## Instructions to follow
Wherever "rangle" turns up in the entries, copy out the line that holds it.

## Saved entries
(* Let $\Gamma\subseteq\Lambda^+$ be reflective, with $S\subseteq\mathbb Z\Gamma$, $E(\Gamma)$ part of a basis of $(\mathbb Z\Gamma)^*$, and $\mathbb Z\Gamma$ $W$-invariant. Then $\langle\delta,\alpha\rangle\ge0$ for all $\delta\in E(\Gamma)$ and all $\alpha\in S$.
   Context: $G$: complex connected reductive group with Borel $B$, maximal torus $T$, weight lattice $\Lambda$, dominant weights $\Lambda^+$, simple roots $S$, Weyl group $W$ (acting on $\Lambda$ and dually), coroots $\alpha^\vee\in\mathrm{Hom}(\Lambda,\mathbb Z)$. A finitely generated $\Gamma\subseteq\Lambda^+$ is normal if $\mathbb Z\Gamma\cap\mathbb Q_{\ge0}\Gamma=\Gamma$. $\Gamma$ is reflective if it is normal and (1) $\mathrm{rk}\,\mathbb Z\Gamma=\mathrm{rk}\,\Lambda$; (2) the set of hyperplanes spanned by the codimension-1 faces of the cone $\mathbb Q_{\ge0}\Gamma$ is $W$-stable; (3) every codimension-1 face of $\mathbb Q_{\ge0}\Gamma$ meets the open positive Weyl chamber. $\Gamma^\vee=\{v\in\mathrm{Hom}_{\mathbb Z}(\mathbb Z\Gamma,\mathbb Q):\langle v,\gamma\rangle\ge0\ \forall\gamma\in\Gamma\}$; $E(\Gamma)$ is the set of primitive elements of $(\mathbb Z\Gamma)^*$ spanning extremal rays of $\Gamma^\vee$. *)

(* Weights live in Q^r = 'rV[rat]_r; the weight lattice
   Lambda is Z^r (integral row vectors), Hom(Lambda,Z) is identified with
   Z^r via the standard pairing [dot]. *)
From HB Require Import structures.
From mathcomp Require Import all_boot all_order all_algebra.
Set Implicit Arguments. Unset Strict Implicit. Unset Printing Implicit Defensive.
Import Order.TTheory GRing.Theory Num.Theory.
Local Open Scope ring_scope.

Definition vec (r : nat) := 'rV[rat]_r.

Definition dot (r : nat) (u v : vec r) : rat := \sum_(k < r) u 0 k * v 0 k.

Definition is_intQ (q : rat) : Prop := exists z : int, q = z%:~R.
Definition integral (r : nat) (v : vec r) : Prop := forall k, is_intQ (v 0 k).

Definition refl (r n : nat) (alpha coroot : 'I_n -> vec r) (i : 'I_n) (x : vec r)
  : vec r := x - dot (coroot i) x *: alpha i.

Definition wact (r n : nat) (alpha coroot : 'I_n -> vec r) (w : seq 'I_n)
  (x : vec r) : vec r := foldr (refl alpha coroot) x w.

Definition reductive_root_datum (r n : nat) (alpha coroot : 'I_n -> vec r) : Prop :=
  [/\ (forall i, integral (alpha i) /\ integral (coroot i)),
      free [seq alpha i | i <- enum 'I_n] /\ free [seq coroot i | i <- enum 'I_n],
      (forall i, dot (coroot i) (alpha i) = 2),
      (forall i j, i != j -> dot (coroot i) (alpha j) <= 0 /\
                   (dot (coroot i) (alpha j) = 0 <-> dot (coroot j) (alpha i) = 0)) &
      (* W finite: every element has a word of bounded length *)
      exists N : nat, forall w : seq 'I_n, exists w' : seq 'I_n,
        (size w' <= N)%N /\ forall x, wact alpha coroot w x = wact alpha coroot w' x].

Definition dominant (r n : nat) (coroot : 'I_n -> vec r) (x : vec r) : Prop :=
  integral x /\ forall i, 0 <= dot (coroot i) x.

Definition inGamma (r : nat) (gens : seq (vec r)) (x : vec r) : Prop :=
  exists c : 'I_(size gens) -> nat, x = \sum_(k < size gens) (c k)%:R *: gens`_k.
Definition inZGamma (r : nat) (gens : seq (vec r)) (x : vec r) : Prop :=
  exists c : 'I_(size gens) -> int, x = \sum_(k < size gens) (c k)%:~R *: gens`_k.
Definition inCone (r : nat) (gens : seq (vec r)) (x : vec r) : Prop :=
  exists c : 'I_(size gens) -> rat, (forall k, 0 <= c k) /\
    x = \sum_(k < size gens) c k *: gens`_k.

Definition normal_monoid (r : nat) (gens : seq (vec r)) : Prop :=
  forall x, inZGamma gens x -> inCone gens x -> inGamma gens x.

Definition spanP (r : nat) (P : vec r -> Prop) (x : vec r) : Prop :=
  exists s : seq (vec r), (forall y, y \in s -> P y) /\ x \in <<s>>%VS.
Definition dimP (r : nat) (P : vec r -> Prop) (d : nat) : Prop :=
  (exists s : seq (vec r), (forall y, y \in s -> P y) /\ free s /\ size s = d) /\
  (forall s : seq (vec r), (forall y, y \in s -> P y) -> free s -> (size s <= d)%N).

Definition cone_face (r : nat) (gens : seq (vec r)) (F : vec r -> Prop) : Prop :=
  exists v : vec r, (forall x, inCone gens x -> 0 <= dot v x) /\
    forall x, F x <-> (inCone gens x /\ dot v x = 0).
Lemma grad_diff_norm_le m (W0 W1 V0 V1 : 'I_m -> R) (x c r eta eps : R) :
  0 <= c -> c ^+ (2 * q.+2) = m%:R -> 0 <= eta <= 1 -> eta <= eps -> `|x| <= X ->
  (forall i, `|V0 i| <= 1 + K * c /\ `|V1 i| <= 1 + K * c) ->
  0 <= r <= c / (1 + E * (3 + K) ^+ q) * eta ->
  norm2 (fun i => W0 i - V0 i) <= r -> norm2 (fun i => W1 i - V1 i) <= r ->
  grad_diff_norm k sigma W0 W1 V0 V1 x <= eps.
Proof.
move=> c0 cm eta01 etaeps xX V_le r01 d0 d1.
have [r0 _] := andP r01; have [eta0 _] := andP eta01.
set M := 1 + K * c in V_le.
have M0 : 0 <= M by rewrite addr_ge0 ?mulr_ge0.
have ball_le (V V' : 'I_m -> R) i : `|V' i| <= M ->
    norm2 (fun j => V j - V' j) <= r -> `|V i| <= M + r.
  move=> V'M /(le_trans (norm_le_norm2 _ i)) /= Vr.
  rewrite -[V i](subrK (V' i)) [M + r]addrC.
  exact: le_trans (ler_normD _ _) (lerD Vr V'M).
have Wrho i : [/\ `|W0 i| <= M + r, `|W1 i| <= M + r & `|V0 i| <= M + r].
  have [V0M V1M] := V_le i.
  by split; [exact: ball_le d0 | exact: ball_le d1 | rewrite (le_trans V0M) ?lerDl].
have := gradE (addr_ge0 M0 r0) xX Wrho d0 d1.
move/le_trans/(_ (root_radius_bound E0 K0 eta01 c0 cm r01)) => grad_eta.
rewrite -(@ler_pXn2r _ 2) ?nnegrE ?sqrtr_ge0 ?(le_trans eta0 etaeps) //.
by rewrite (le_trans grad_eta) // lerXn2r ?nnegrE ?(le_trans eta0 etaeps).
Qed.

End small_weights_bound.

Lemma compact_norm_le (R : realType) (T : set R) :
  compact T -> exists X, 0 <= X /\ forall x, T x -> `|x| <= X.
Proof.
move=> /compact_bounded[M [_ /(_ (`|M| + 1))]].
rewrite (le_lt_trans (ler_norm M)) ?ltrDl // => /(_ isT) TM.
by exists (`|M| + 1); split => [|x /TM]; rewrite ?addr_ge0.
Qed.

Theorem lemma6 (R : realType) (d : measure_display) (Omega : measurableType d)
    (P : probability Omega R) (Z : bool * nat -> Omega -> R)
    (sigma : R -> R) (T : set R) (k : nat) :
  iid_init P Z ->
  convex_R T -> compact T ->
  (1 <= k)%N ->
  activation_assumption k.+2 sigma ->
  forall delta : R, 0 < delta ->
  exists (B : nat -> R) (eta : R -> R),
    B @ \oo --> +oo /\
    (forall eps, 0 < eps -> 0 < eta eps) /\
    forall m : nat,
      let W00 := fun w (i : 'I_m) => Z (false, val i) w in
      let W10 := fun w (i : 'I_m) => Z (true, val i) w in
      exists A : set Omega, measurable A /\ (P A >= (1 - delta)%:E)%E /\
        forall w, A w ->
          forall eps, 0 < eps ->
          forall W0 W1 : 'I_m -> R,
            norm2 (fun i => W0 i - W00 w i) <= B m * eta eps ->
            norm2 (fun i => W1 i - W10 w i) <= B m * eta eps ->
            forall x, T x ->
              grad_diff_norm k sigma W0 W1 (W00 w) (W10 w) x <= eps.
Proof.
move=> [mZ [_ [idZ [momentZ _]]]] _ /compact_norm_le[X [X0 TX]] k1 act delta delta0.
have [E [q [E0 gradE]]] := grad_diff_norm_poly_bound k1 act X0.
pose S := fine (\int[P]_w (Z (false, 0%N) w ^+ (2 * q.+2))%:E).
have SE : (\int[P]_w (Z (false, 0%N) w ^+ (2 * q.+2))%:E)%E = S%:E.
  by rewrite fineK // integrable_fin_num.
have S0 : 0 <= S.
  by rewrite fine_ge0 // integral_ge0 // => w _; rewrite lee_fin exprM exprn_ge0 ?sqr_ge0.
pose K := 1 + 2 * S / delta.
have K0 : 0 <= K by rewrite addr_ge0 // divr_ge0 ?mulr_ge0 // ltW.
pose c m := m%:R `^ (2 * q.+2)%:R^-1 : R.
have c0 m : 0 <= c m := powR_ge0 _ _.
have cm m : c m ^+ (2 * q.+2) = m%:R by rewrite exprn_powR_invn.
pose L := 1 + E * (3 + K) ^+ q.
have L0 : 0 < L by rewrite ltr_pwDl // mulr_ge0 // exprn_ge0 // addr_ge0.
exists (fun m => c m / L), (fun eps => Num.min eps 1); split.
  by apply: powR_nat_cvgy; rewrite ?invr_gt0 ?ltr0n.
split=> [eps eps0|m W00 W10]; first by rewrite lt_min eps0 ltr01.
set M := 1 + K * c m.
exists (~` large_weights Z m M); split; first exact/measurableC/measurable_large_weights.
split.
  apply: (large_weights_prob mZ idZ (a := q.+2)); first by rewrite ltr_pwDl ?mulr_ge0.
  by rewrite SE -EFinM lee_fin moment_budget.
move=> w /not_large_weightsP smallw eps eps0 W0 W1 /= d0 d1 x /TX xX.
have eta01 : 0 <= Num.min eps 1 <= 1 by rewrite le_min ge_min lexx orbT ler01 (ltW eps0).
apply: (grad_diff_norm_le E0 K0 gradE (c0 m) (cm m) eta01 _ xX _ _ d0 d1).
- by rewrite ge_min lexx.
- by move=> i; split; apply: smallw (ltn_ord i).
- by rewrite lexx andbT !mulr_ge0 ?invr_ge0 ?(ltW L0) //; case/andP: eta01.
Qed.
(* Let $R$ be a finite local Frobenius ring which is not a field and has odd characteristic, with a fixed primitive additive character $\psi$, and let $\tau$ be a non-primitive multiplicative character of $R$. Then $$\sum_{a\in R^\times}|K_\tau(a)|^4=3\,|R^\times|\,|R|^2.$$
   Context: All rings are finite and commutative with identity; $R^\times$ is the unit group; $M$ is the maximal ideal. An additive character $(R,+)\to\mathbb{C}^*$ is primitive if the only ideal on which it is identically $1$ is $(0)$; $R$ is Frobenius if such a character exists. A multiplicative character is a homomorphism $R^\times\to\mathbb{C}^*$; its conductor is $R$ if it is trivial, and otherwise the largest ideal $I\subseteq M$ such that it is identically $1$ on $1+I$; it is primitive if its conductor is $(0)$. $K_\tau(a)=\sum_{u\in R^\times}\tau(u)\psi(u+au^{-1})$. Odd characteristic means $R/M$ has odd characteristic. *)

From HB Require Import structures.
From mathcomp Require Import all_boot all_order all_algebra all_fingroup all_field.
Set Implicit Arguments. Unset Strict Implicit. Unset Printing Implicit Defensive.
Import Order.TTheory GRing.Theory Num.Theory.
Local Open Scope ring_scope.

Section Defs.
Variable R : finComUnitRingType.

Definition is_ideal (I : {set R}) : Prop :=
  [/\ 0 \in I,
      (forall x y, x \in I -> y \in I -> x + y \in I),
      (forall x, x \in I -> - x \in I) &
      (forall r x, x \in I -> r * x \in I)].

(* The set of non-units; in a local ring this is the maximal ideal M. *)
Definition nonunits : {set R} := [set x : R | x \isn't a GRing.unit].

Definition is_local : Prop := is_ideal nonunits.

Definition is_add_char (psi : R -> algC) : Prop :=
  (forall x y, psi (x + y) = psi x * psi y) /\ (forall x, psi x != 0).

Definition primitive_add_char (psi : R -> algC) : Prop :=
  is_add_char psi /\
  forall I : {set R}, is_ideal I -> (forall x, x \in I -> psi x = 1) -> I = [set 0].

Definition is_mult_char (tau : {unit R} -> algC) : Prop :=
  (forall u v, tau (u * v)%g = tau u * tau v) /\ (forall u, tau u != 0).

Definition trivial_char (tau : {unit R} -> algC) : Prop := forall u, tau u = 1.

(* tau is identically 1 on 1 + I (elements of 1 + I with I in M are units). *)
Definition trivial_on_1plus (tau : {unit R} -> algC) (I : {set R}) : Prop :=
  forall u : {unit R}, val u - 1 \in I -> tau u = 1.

## Output
(* Let $\Gamma\subseteq\Lambda^+$ be reflective, with $S\subseteq\mathbb Z\Gamma$, $E(\Gamma)$ part of a basis of $(\mathbb Z\Gamma)^*$, and $\mathbb Z\Gamma$ $W$-invariant. Then $\langle\delta,\alpha\rangle\ge0$ for all $\delta\in E(\Gamma)$ and all $\alpha\in S$.
   Context: $G$: complex connected reductive group with Borel $B$, maximal torus $T$, weight lattice $\Lambda$, dominant weights $\Lambda^+$, simple roots $S$, Weyl group $W$ (acting on $\Lambda$ and dually), coroots $\alpha^\vee\in\mathrm{Hom}(\Lambda,\mathbb Z)$. A finitely generated $\Gamma\subseteq\Lambda^+$ is normal if $\mathbb Z\Gamma\cap\mathbb Q_{\ge0}\Gamma=\Gamma$. $\Gamma$ is reflective if it is normal and (1) $\mathrm{rk}\,\mathbb Z\Gamma=\mathrm{rk}\,\Lambda$; (2) the set of hyperplanes spanned by the codimension-1 faces of the cone $\mathbb Q_{\ge0}\Gamma$ is $W$-stable; (3) every codimension-1 face of $\mathbb Q_{\ge0}\Gamma$ meets the open positive Weyl chamber. $\Gamma^\vee=\{v\in\mathrm{Hom}_{\mathbb Z}(\mathbb Z\Gamma,\mathbb Q):\langle v,\gamma\rangle\ge0\ \forall\gamma\in\Gamma\}$; $E(\Gamma)$ is the set of primitive elements of $(\mathbb Z\Gamma)^*$ spanning extremal rays of $\Gamma^\vee$. *)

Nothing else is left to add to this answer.